(* Let $Q=ABA'B'$ be a quadrilateral in $K^2$ (possibly improper), let $(h,k)$ be the centroid of $Q$, and let $(a,b)\in K^2$ be a diagonal point of $Q$ that is not at infinity. Then the bisector locus of $Q$ is given by $$\Phi_Q(X-h,Y-k)=\Phi_Q(a-h,b-k),$$ i.e. it is the set of $(x,y)\in K^2$ with $\Phi_Q(x-h,y-k)=\Phi_Q(a-h,b-k)$. Thus the bisector locus is a conic with center $(h,k)$.
   Context: $K$ is a field of characteristic $\neq 2$, and we work in the affine plane $K^2$ (regarded inside the projective plane, so lines have points at infinity). Every line $L$ has an equation $tX-uY+v=0$ normalized so that $t=1$ if $u=0$ and $u=1$ if $u\neq 0$; these coefficients are denoted $t_L,u_L,v_L$. A quadrilateral $Q=ABA'B'$ consists of four distinct lines $A,B,A',B'$ (the sides), not all through one point, such that adjacent sides ($A,B$; $B,A'$; $A',B'$; $B',A$) are not parallel; opposite sides ($A,A'$ and $B,B'$) may be parallel. The vertices are $A\cap B$, $B\cap A'$, $A'\cap B'$, $B'\cap A$; three sides may pass through a common point (then two vertices coincide and $Q$ is called improper; otherwise proper). The diagonals are the lines through nonadjacent vertices ($A\cap B$ and $A'\cap B'$; $B\cap A'$ and $B'\cap A$). The centroid is the midpoint of the midpoints of the diagonals (equivalently, the average of the four vertices). A diagonal point of $Q$ is the intersection point (possibly at infinity) of a pair of opposite sides or of the two diagonals. Define $\alpha=t_Au_Bu_{A'}u_{B'}-u_At_Bu_{A'}u_{B'}+u_Au_Bt_{A'}u_{B'}-u_Au_Bu_{A'}t_{B'}$, $\beta=t_Au_Bt_{A'}u_{B'}-u_At_Bu_{A'}t_{B'}$, $\gamma=t_At_Bt_{A'}u_{B'}-t_At_Bu_{A'}t_{B'}+t_Au_Bt_{A'}t_{B'}-u_At_Bt_{A'}t_{B'}$, and the quadratic form $\Phi_Q(X,Y)=\gamma X^2-2\beta XY+\alpha Y^2$. A line $\ell$ crosses a pair of lines $\{\ell_1,\ell_2\}$ if $\ell$ is distinct from both and not parallel to both; then $\mathrm{mid}_{\{\ell_1,\ell_2\}}(\ell)$ is the midpoint of the two points where $\ell$ meets $\ell_1$ and $\ell_2$, except that if one of these points is at infinity it is defined to be the point at infinity of $\ell$. A line $\ell$ bisects $Q$ if $\mathrm{mid}_{\mathsf P}(\ell)=\mathrm{mid}_{\mathsf P'}(\ell)$ for all pairs $\mathsf P,\mathsf P'$ among the two pairs of opposite sides $\{A,A'\},\{B,B'\}$ that $\ell$ crosses; this common point is the midpoint $\mathrm{mid}_Q(\ell)$ of the bisector $\ell$. The bisector locus of $Q$ is the set of midpoints of the bisectors of $Q$. *)

From HB Require Import structures.
From mathcomp Require Import all_boot all_order all_algebra.
Set Implicit Arguments. Unset Strict Implicit. Unset Printing Implicit Defensive.
Import Order.TTheory GRing.Theory Num.Theory.
Local Open Scope ring_scope.
Lemma divergence_lower_bound r t : OmegaI Rb L T r t ->
  - (beta * (rho_m - 1)) <= v_r r t + v r t / r.
Proof.
  intros [Hr Ht]. assert (Ht' : 0 <= t < T) by lra.
  pose proof (HRb_range t Ht').
  apply (velocity_divergence_bound (Rb t) L _ (fun y => v y t) (fun y => v_r y t)
    (fun y => v_rr y t) (fun y => Pres beta (rho y t)) (fun y => P_r y t)); try lra;
    try (intros y Hy; cbv beta; first [apply Hv_r | apply Hv_rr | apply HP_r | apply Hv_eq];
         split; auto; lra).
  - apply (slice_relcont Rb L T); auto.
  - apply (slice_relcont Rb L T); auto.
  - apply relcont_comp; [intros; apply Pres_continuous; auto|apply (slice_relcont Rb L T); auto].
  - apply Hv_L; auto.
  - apply Hv_R; auto.
  - intros y Hy. apply Pres_bounds; try lra. apply Hrho_bd. split; auto.
Qed.

Variables (b e e_r : R -> R -> R) (gamma Dn chin nm knb kn lnb lnn ksg : R).
Variables (n n_r n_rr n_t : R -> R -> R).
Hypothesis Hb_nonneg : forall r t, OmegaT Rb L T r t -> 0 <= b r t.
Hypothesis He_nonneg : forall r t, OmegaT Rb L T r t -> 0 <= e r t.
Hypothesis Hgamma : 0 <= gamma <= 1.
Hypothesis HDn : 0 < Dn.
Hypothesis Hnm : 0 < nm.
Hypothesis Hknb : 0 < knb.
Hypothesis Hkn : 0 < kn.
Hypothesis Hlnb : 0 < lnb.
Hypothesis Hlnn : 0 < lnn.
Hypothesis Hn_cont : cont2_on n (OmegaT Rb L T).
Hypothesis Hn_r_cont : cont2_on n_r (OmegaT Rb L T).
Hypothesis Hn_r : forall r t, OmegaI Rb L T r t ->
  derivable_pt_lim (fun y => n y t) r (n_r r t).
Hypothesis Hn_rr : forall r t, OmegaI Rb L T r t ->
  derivable_pt_lim (fun y => n_r y t) r (n_rr r t).
Hypothesis Hn_t : forall r t, OmegaI Rb L T r t ->
  derivable_pt_lim (fun s => n r s) t (n_t r t).
Hypothesis Hn_eq : forall r t, OmegaI Rb L T r t ->
  exists a1 a2 a3,
    derivable_pt_lim (fun y => y * v y t * n y t) r a1 /\
    derivable_pt_lim (fun y => y * Dn * n_r y t) r a2 /\
    derivable_pt_lim (fun y => y * chin * rho y t * n y t
                                * Hsw (1 - n y t / nm) * Phi ksg (e_r y t)) r a3 /\
    n_t r t + / r * a1 =
      / r * a2 - / r * a3
      + knb * b r t * (e r t / (1 + e r t))
      + kn * n r t * (e r t / (1 + e r t))
      - lnb * n r t * b r t - lnn * (n r t) ^ 2.
Hypothesis Hn_bcL : forall t, 0 < t < T ->
  (1 - gamma) * n L t
  + gamma * L * (n_r L t - chin / Dn * rho L t * n L t
                  * Hsw (1 - n L t / nm) * Phi ksg (e_r L t)) = 0.
Hypothesis Hn_bcR : forall t, 0 < t < T -> n_r (Rb t) t = 0.
Hypothesis Hn_init : forall r, Rb 0 <= r <= L -> n r 0 = 0.

Definition reaction (r t : R) : R :=
  knb * b r t * (e r t / (1 + e r t)) + kn * n r t * (e r t / (1 + e r t))
  - lnb * n r t * b r t - lnn * (n r t) ^ 2.

(* Above saturation the chemotactic flux vanishes near the point, and the
   equation reads n_t = Dn (n_r / r + n_rr) - (div v) n - v n_r + reaction. *)
Lemma pde_above_saturation r t : OmegaI Rb L T r t -> nm < n r t ->
  n_t r t = Dn * n_r r t / r + Dn * n_rr r t - (v_r r t + v r t / r) * n r t
            - v r t * n_r r t + reaction r t.
Proof.
  intros HI Hsat. pose proof HI as [[Hr1 Hr2] Ht].
  pose proof (HRb_range t ltac:(lra)).
  destruct (Hn_eq r t HI) as [a1 [a2 [a3 [H1 [H2 [H3 Heq]]]]]].
  assert (X1 : derivable_pt_lim (fun y => y * v y t * n y t) r
     ((1 * v r t + r * v_r r t) * n r t + r * v r t * n_r r t)).
  { apply (D_mult (fun y => y * v y t) (fun y => n y t)); [|apply Hn_r; auto].
    apply (D_mult (fun y => y) (fun y => v y t));
      [apply derivable_pt_lim_id|apply Hv_r; auto]. }
  assert (X2 : derivable_pt_lim (fun y => y * Dn * n_r y t) r
     ((1 * Dn + r * 0) * n_r r t + r * Dn * n_rr r t)).
  { apply (D_mult (fun y => y * Dn) (fun y => n_r y t)); [|apply Hn_rr; auto].
    apply (D_mult (fun y => y) (fun _ => Dn));
      [apply derivable_pt_lim_id|apply derivable_pt_lim_const]. }
  destruct (Hn_cont r t ltac:(split; lra) (n r t - nm) ltac:(lra)) as [d [Hd Hc]].
  assert (X3 : derivable_pt_lim (fun y => y * chin * rho y t * n y t
                 * Hsw (1 - n y t / nm) * Phi ksg (e_r y t)) r 0).
  { apply (dpl_zero_local _ r (Rmin d (Rmin (r - Rb t) (L - r)))); [rsolve|].
    intros y Hy.
    assert (Hny : Rabs (n y t - n r t) < n r t - nm).
    { apply Hc; [split; [rsolve|lra] | rsolve |].
      replace (t - t) with 0 by ring. rewrite Rabs_R0; lra. }
    rewrite (Hsw_above_saturation (n y t) nm Hnm) by rsolve. ring. }
  rewrite (uniqueness_limite _ _ _ _ H1 X1), (uniqueness_limite _ _ _ _ H2 X2),
          (uniqueness_limite _ _ _ _ H3 X3) in Heq.
  assert (Hadv : / r * ((1 * v r t + r * v_r r t) * n r t + r * v r t * n_r r t)
            = (v_r r t + v r t / r) * n r t + v r t * n_r r t) by (field; lra).
  assert (Hdif : / r * ((1 * Dn + r * 0) * n_r r t + r * Dn * n_rr r t)
            = Dn * n_r r t / r + Dn * n_rr r t) by (field; lra).
  unfold reaction. lra.
Qed.

Lemma outflow_above_saturation t : 0 < t < T -> nm < n L t -> n_r L t <= 0.
Proof.
  intros Ht Hsat. pose proof (HRb_range t ltac:(lra)).
  assert (Hbc : (1 - gamma) * n L t + gamma * L * n_r L t = 0).
  { rewrite <- (Hn_bcL t Ht), (Hsw_above_saturation (n L t) nm Hnm Hsat). ring. }
  destruct (Rle_or_lt (n_r L t) 0) as [|Hpos]; auto. exfalso.
  destruct (Req_dec gamma 0) as [Hg0|Hg0].
  - rewrite Hg0 in Hbc. lra.
  - assert (0 < gamma * L * n_r L t)
      by (apply Rmult_lt_0_compat; [apply Rmult_lt_0_compat|]; lra).
    assert (0 <= (1 - gamma) * n L t) by nra. lra.
Qed.

Definition barrier (eps c K r s : R) : R :=
  n r s - (eps * ((r - c) * (r - c)) + eps * K * s).

Lemma barrier_cont eps c K : cont2_on (barrier eps c K) (OmegaT Rb L T).
Proof.
  apply (cont2_sub_sum n (fun r => eps * ((r - c) * (r - c))) (fun s => eps * K * s));
    auto; intros; reg.
Qed.

Lemma barrier_slice eps c K t : 0 < t < T ->
  relcont1 (fun y => barrier eps c K y t) (Rb t) L /\
  relcont1 (fun y => n_r y t - eps * (2 * (y - c))) (Rb t) L /\
  forall y, Rb t < y < L ->
    derivable_pt_lim (fun y => barrier eps c K y t) y (n_r y t - eps * (2 * (y - c))).
Proof.
  intros Ht. split; [|split].
  - apply (slice_relcont Rb L T); [apply barrier_cont|lra].
  - apply relcont_minus; [apply (slice_relcont Rb L T); auto; lra|].
    apply relcont_of_pt; intros; reg.
  - intros y Hy. eapply dpl_ext.
    + apply D_minus; [apply Hn_r; split; auto|].
      apply D_plus; [apply D_mult; [apply derivable_pt_lim_const|]|apply derivable_pt_lim_const].
      apply D_mult; apply D_minus;
        first [apply derivable_pt_lim_id | apply derivable_pt_lim_const].
    + cbv beta; ring.
Qed.

Lemma contact_exceeds eps c K N ts rs : 0 < eps -> 0 < K ->
  first_contact Rb L (barrier eps c K) N ts rs -> N < n rs ts.
Proof.
  intros He HK [Hts [_ [Hz _]]]. unfold barrier in Hz.
  pose proof (Rle_0_sqr (rs - c)). unfold Rsqr in *.
  assert (0 < eps * K * ts) by (apply Rmult_lt_0_compat; [apply Rmult_lt_0_compat|]; lra).
  nra.
Qed.

(* No first contact on the free boundary: there n_r = 0, so the barrier
   increases into the domain since its centre c lies beyond Rb. *)
Lemma no_contact_free_boundary eps c K N ts rs : 0 < eps -> ts < T -> Rb ts < c ->
  first_contact Rb L (barrier eps c K) N ts rs -> rs <> Rb ts.
Proof.
  intros He HtsT Hc [Hts [Hrs [Hz [Hmax _]]]] ->.
  pose proof (HRb_range ts ltac:(lra)).
  destruct (barrier_slice eps c K ts ltac:(lra)) as [Hf [Hg Hd]].
  destruct (incr_left _ _ (Rb ts) L ltac:(lra) Hf Hg Hd) as [x [Hx Hfx]].
  { rewrite Hn_bcR by lra. nra. }
  pose proof (Hmax x ltac:(lra)). lra.
Qed.

(* No first contact at r = L above saturation: there n_r <= 0, so the barrier
   increases inwards since c < L. *)
Lemma no_contact_outer_boundary eps c K N ts rs : 0 < eps -> 0 < K -> ts < T ->
  nm <= N -> c < L -> first_contact Rb L (barrier eps c K) N ts rs -> rs <> L.
Proof.
  intros He HK HtsT HN Hc Hcon ->.
  pose proof (contact_exceeds eps c K N ts L He HK Hcon) as Hex.
  destruct Hcon as [Hts [Hrs [Hz [Hmax _]]]].
  pose proof (HRb_range ts ltac:(lra)).
  pose proof (outflow_above_saturation ts ltac:(lra) ltac:(lra)).
  destruct (barrier_slice eps c K ts ltac:(lra)) as [Hf [Hg Hd]].
  destruct (incr_right _ _ (Rb ts) L ltac:(lra) Hf Hg Hd) as [x [Hx Hfx]]; [nra|].
  pose proof (Hmax x ltac:(lra)). lra.
Qed.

▸ **Required work**: Using the records above, write out exactly the lines between the one holding "destruct (Hn_cont r" and the one holding "- rewrite Hg0 in Hbc. lra.", inclusive; leave everything else out.

▸ **Answer**:
  destruct (Hn_cont r t ltac:(split; lra) (n r t - nm) ltac:(lra)) as [d [Hd Hc]].
  assert (X3 : derivable_pt_lim (fun y => y * chin * rho y t * n y t
                 * Hsw (1 - n y t / nm) * Phi ksg (e_r y t)) r 0).
  { apply (dpl_zero_local _ r (Rmin d (Rmin (r - Rb t) (L - r)))); [rsolve|].
    intros y Hy.
    assert (Hny : Rabs (n y t - n r t) < n r t - nm).
    { apply Hc; [split; [rsolve|lra] | rsolve |].
      replace (t - t) with 0 by ring. rewrite Rabs_R0; lra. }
    rewrite (Hsw_above_saturation (n y t) nm Hnm) by rsolve. ring. }
  rewrite (uniqueness_limite _ _ _ _ H1 X1), (uniqueness_limite _ _ _ _ H2 X2),
          (uniqueness_limite _ _ _ _ H3 X3) in Heq.
  assert (Hadv : / r * ((1 * v r t + r * v_r r t) * n r t + r * v r t * n_r r t)
            = (v_r r t + v r t / r) * n r t + v r t * n_r r t) by (field; lra).
  assert (Hdif : / r * ((1 * Dn + r * 0) * n_r r t + r * Dn * n_rr r t)
            = Dn * n_r r t / r + Dn * n_rr r t) by (field; lra).
  unfold reaction. lra.
Qed.

Lemma outflow_above_saturation t : 0 < t < T -> nm < n L t -> n_r L t <= 0.
Proof.
  intros Ht Hsat. pose proof (HRb_range t ltac:(lra)).
  assert (Hbc : (1 - gamma) * n L t + gamma * L * n_r L t = 0).
  { rewrite <- (Hn_bcL t Ht), (Hsw_above_saturation (n L t) nm Hnm Hsat). ring. }
  destruct (Rle_or_lt (n_r L t) 0) as [|Hpos]; auto. exfalso.
  destruct (Req_dec gamma 0) as [Hg0|Hg0].
  - rewrite Hg0 in Hbc. lra.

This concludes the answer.